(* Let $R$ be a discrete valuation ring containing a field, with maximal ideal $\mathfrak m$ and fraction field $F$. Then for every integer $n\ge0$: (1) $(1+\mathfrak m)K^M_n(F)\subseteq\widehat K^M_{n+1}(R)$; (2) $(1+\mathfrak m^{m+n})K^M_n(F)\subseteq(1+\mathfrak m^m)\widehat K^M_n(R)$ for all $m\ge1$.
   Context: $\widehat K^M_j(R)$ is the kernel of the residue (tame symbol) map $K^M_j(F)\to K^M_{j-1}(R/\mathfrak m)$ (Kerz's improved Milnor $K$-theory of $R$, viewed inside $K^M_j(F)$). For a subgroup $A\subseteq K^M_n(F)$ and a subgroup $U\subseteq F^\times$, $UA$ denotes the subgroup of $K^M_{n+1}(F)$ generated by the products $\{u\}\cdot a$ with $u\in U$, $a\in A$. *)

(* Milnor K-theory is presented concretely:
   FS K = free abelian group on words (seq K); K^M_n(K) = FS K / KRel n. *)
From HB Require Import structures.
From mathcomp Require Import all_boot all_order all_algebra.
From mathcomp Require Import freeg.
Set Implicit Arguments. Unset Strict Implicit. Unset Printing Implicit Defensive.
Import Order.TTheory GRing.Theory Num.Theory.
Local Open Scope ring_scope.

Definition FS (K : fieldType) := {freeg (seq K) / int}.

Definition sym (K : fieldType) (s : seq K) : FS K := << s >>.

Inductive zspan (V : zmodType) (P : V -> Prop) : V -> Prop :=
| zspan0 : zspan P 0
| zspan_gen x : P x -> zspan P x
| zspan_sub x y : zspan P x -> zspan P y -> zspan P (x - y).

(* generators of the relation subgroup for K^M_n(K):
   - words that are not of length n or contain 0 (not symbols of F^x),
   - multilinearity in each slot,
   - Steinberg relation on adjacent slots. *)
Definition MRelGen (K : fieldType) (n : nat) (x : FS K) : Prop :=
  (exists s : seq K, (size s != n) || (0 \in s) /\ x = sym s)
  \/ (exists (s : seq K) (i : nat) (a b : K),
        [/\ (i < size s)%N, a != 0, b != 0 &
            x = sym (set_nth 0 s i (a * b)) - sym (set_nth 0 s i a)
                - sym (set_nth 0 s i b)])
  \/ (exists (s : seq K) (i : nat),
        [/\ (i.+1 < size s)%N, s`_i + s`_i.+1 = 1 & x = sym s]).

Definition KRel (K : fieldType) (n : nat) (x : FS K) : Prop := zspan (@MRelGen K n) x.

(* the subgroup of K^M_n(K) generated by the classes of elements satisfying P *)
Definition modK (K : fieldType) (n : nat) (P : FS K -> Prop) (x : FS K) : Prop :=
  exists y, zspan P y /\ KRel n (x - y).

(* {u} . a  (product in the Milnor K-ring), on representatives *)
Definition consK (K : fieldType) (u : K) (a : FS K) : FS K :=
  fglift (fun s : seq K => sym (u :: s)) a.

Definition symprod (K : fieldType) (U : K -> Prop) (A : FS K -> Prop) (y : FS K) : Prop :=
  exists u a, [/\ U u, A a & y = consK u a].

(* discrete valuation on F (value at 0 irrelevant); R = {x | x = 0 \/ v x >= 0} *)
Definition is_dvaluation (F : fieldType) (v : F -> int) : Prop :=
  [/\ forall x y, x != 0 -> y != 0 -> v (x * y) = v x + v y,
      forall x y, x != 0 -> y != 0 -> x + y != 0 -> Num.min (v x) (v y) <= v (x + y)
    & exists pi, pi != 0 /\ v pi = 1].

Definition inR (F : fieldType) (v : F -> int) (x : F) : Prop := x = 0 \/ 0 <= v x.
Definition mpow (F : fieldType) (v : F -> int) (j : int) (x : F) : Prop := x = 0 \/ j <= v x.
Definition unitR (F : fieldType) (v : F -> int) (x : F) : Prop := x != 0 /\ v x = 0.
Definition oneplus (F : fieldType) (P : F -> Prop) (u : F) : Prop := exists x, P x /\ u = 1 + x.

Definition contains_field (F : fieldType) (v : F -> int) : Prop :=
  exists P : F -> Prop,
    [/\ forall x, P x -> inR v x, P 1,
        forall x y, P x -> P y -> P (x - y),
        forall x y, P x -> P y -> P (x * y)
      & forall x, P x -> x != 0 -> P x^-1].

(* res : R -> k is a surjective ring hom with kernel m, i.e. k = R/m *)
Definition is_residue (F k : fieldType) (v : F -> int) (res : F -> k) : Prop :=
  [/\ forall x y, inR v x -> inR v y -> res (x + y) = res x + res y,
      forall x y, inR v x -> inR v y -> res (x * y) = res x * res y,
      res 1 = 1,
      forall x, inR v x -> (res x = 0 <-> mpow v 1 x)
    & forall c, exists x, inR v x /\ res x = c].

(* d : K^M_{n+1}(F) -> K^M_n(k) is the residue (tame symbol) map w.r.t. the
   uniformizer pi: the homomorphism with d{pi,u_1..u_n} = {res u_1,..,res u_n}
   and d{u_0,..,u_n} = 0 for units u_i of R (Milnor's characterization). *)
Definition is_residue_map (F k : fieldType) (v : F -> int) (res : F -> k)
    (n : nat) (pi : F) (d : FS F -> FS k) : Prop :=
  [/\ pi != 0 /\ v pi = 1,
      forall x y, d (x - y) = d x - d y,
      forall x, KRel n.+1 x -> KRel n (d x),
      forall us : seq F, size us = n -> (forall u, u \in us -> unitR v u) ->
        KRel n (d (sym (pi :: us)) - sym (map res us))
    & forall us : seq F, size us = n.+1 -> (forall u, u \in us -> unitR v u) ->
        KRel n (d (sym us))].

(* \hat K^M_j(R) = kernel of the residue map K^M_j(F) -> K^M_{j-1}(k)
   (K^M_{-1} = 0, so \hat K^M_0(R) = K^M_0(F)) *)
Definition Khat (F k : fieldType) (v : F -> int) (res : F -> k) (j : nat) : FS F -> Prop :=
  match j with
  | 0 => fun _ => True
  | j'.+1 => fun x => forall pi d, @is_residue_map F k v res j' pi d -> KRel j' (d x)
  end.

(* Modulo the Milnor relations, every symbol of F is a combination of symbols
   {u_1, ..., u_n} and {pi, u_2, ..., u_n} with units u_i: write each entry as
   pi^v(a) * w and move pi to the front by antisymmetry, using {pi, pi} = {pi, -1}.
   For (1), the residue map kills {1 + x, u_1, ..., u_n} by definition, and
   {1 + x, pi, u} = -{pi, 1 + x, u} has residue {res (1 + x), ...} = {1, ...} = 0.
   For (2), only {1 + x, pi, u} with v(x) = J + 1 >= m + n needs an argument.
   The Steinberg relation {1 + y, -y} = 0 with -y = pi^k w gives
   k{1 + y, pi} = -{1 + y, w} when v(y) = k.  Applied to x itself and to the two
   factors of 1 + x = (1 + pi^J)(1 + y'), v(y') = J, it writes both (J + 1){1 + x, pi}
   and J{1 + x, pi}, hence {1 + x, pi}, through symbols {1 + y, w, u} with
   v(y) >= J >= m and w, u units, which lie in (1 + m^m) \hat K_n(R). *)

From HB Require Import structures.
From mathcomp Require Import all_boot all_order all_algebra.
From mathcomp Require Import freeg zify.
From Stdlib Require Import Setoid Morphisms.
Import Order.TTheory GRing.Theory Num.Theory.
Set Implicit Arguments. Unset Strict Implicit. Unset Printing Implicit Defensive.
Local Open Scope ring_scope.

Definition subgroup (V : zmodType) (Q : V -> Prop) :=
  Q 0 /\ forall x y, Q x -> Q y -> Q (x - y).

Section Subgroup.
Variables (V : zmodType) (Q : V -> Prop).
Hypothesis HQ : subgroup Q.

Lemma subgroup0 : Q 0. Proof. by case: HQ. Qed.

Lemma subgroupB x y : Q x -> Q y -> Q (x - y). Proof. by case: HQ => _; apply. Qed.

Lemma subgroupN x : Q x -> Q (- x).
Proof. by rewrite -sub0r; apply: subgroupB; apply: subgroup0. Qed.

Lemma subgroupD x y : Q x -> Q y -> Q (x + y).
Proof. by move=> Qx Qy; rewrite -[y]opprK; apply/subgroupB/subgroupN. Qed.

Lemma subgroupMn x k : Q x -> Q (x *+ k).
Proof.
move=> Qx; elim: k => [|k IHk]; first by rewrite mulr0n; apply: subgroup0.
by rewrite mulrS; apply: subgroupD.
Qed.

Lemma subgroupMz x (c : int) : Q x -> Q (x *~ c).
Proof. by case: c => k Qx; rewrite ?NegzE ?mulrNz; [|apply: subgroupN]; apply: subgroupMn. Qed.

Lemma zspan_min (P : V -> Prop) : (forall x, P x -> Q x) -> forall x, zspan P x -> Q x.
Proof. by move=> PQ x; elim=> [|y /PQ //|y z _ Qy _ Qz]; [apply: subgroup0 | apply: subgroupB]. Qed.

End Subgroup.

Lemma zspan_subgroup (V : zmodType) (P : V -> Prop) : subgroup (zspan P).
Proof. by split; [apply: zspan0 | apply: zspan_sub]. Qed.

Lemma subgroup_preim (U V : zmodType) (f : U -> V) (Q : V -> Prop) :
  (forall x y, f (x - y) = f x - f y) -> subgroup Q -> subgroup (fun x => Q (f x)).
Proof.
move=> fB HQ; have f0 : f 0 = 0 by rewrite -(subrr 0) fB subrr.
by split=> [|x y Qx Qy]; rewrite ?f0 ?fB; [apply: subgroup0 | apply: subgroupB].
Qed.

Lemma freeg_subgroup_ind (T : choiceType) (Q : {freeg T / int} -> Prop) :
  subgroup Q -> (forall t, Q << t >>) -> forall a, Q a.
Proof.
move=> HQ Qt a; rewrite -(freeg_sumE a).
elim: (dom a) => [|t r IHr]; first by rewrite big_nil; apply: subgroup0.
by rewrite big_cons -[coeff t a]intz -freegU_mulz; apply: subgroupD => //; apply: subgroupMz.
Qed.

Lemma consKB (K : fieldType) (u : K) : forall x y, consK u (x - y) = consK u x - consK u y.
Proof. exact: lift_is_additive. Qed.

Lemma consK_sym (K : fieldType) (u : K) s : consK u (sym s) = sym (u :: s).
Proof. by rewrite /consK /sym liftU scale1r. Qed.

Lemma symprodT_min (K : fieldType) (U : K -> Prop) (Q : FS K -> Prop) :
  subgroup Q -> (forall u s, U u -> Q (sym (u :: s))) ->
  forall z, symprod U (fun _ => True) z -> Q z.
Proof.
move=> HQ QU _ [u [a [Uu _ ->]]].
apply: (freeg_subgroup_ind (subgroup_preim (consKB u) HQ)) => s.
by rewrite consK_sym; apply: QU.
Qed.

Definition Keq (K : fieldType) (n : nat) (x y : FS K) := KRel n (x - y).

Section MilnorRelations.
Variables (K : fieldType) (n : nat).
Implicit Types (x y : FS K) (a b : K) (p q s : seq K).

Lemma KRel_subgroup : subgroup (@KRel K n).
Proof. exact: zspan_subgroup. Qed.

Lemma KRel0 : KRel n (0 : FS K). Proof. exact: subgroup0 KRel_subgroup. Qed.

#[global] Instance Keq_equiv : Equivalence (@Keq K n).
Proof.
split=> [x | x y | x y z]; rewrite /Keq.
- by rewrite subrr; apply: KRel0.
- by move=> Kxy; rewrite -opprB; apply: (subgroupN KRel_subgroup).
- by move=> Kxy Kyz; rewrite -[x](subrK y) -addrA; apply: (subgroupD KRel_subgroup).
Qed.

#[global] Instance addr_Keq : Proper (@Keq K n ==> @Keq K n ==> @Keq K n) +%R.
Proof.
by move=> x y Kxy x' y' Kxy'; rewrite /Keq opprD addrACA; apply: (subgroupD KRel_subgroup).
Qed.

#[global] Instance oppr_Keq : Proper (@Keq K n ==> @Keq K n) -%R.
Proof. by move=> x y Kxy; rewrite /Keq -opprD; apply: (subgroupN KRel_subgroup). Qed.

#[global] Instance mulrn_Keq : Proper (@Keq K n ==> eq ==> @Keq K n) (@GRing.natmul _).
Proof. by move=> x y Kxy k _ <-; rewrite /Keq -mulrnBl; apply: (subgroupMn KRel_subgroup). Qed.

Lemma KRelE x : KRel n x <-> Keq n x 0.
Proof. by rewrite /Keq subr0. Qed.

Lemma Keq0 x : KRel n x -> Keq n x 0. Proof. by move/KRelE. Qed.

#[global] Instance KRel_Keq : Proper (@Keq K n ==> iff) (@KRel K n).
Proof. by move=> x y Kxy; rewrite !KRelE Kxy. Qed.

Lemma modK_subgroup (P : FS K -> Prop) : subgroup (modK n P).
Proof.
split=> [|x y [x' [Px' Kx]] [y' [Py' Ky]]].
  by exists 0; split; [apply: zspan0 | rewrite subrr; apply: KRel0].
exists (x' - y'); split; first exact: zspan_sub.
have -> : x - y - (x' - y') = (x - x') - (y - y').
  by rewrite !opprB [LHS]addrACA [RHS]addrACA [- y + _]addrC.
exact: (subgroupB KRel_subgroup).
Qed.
--
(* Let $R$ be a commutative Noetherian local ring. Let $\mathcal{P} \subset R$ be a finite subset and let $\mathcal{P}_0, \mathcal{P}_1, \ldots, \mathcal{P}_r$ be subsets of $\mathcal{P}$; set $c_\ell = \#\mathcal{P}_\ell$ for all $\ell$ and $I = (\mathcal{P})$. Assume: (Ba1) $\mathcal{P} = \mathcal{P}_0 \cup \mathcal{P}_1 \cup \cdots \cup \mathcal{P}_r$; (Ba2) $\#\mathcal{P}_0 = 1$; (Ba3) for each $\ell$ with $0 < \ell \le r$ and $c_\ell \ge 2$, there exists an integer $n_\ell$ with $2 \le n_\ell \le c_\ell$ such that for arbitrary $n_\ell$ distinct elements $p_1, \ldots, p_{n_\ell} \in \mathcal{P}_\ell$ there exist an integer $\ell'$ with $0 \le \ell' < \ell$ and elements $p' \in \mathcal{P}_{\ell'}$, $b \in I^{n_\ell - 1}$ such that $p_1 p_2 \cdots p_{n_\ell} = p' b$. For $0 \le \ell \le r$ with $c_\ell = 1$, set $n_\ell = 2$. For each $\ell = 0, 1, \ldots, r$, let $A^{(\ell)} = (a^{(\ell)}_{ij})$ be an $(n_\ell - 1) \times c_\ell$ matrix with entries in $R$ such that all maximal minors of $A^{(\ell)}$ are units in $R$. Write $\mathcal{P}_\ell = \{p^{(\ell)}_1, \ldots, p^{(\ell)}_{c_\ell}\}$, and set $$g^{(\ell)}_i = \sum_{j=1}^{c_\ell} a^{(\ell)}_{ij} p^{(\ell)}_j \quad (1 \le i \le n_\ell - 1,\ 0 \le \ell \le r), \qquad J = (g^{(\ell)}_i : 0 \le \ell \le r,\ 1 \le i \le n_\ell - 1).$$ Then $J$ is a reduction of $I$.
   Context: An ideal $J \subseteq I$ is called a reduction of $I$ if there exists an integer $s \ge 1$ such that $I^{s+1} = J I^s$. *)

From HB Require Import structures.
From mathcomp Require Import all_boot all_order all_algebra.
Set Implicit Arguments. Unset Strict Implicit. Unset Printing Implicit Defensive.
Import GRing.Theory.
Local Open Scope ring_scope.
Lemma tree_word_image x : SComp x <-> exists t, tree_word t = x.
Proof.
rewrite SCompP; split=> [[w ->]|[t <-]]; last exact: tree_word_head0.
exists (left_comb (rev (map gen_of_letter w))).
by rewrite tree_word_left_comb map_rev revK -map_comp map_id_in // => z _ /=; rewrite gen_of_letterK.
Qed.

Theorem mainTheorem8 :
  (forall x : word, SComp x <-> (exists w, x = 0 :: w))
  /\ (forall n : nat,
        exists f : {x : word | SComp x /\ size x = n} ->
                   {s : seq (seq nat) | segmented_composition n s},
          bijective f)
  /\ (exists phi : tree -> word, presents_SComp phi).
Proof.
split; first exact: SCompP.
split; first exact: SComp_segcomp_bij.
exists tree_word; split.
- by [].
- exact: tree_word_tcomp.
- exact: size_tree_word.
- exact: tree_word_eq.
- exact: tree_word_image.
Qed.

**Work instructions**
In the entries above, find the line with "K^M_0(R) = K^M_0(F)) *)" and the line with "Definition subgroup (V", then restate word for word both of them and every line between, with nothing more.

**Answer to the problem**
   (K^M_{-1} = 0, so \hat K^M_0(R) = K^M_0(F)) *)
Definition Khat (F k : fieldType) (v : F -> int) (res : F -> k) (j : nat) : FS F -> Prop :=
  match j with
  | 0 => fun _ => True
  | j'.+1 => fun x => forall pi d, @is_residue_map F k v res j' pi d -> KRel j' (d x)
  end.

(* Modulo the Milnor relations, every symbol of F is a combination of symbols
   {u_1, ..., u_n} and {pi, u_2, ..., u_n} with units u_i: write each entry as
   pi^v(a) * w and move pi to the front by antisymmetry, using {pi, pi} = {pi, -1}.
   For (1), the residue map kills {1 + x, u_1, ..., u_n} by definition, and
   {1 + x, pi, u} = -{pi, 1 + x, u} has residue {res (1 + x), ...} = {1, ...} = 0.
   For (2), only {1 + x, pi, u} with v(x) = J + 1 >= m + n needs an argument.
   The Steinberg relation {1 + y, -y} = 0 with -y = pi^k w gives
   k{1 + y, pi} = -{1 + y, w} when v(y) = k.  Applied to x itself and to the two
   factors of 1 + x = (1 + pi^J)(1 + y'), v(y') = J, it writes both (J + 1){1 + x, pi}
   and J{1 + x, pi}, hence {1 + x, pi}, through symbols {1 + y, w, u} with
   v(y) >= J >= m and w, u units, which lie in (1 + m^m) \hat K_n(R). *)

From HB Require Import structures.
From mathcomp Require Import all_boot all_order all_algebra.
From mathcomp Require Import freeg zify.
From Stdlib Require Import Setoid Morphisms.
Import Order.TTheory GRing.Theory Num.Theory.
Set Implicit Arguments. Unset Strict Implicit. Unset Printing Implicit Defensive.
Local Open Scope ring_scope.

Definition subgroup (V : zmodType) (Q : V -> Prop) :=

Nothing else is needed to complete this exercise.